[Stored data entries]
---------------
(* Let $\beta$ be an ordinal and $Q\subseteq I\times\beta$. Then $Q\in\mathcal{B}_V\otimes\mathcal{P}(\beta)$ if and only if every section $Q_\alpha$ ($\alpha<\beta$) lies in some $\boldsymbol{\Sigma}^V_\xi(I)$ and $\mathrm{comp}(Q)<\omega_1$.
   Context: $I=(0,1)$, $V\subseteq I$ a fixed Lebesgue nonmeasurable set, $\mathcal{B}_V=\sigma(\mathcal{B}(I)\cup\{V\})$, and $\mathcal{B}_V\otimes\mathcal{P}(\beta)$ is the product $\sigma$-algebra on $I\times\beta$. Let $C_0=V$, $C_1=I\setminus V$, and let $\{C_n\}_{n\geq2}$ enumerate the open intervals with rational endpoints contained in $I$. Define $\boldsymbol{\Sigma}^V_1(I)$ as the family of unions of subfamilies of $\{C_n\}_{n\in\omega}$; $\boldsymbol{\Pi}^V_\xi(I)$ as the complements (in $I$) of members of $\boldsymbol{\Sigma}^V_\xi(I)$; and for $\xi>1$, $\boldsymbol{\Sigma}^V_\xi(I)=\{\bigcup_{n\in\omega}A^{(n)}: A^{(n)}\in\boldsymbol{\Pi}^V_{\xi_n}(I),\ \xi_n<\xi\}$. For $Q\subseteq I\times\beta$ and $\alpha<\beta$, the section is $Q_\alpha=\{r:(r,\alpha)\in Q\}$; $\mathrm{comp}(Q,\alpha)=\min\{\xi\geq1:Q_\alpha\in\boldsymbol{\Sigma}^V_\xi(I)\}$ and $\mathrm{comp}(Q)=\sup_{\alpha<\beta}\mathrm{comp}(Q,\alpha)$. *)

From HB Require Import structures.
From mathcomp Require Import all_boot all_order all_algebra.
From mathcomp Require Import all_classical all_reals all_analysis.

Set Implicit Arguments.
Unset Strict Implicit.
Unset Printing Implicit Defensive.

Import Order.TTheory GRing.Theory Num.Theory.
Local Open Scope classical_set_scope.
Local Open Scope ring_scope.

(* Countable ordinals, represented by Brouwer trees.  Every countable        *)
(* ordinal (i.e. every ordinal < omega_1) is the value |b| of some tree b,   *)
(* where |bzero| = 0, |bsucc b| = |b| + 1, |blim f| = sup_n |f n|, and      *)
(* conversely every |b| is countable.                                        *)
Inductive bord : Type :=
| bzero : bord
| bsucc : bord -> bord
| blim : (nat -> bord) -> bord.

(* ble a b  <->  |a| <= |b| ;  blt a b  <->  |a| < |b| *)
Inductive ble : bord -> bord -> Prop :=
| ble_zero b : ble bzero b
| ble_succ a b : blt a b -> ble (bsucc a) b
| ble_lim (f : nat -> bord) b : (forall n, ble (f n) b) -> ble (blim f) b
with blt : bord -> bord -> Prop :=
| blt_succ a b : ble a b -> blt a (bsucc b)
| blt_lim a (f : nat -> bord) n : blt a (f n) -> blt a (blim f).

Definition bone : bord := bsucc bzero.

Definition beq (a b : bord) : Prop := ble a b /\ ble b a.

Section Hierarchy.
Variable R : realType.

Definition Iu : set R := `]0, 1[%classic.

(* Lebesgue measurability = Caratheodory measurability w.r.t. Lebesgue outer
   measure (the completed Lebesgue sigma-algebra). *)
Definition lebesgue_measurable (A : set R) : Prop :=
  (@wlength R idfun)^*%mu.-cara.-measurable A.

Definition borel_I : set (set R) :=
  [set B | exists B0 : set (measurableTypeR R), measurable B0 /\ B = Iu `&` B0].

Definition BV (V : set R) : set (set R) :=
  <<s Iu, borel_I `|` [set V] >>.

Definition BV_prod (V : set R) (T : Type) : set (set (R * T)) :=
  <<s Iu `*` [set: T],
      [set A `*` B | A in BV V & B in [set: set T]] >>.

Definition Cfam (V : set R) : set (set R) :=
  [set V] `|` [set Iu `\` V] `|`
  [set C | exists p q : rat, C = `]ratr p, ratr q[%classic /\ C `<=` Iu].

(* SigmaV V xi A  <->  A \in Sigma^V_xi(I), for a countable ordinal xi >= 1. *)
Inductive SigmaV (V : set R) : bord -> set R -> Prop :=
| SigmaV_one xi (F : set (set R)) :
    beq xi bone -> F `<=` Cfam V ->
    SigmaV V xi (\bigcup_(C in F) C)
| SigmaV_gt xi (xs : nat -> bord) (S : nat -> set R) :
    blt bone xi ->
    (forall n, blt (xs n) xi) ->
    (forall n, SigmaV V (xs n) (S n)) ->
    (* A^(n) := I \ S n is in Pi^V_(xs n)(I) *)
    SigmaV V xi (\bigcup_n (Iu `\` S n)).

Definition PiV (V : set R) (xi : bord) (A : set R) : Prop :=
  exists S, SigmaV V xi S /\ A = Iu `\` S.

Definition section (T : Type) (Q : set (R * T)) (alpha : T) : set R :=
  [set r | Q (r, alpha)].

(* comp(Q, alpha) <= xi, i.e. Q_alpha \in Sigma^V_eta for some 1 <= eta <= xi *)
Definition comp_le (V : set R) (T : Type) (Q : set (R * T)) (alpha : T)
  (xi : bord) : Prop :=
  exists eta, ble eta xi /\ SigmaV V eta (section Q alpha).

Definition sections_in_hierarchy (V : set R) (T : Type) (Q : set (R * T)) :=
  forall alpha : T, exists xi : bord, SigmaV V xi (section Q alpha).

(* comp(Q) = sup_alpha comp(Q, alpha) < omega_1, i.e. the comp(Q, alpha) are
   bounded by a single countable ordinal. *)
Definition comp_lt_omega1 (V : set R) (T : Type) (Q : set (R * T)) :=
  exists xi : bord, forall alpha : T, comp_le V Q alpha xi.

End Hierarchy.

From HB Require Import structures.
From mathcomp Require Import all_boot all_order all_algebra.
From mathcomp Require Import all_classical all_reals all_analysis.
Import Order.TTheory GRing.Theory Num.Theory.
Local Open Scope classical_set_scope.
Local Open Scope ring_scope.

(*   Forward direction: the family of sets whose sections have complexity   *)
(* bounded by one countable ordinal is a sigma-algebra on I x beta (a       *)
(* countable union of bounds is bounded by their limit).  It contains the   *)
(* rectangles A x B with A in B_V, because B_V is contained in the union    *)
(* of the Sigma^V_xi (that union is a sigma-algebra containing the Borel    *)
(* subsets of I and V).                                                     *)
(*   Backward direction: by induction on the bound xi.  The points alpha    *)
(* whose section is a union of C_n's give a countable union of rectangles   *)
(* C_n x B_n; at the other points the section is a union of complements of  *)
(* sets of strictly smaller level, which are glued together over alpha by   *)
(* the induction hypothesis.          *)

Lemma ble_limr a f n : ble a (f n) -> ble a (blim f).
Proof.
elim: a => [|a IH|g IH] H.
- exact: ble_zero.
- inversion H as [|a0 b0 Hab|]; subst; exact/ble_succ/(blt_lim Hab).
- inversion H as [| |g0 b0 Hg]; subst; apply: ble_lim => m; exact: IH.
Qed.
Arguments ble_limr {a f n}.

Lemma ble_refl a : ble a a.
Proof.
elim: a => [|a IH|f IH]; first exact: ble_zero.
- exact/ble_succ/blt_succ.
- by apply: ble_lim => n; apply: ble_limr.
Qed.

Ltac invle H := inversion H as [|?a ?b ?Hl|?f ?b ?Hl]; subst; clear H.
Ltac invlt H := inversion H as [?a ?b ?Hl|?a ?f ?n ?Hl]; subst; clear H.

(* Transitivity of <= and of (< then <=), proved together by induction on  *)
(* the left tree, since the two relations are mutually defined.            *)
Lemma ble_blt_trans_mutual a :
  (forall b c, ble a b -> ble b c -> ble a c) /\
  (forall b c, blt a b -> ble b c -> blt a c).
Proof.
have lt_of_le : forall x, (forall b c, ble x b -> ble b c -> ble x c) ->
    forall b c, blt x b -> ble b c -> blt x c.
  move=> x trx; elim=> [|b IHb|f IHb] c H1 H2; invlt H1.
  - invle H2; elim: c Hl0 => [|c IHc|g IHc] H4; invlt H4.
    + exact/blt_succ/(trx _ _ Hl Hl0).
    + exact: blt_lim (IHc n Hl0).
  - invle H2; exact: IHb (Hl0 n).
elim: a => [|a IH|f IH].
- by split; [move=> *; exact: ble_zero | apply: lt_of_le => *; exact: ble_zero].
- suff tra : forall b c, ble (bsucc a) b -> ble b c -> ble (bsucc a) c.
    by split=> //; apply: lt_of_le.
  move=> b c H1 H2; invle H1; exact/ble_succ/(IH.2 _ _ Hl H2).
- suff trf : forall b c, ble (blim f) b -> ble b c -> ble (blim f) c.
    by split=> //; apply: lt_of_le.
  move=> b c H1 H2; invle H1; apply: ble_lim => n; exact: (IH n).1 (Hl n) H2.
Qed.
---------------
**Your task:**
Search the data for the string "invlt" and copy every line where it appears.

**Exercise response:**
Ltac invlt H := inversion H as [?a ?b ?Hl|?a ?f ?n ?Hl]; subst; clear H.
  move=> x trx; elim=> [|b IHb|f IHb] c H1 H2; invlt H1.
  - invle H2; elim: c Hl0 => [|c IHc|g IHc] H4; invlt H4.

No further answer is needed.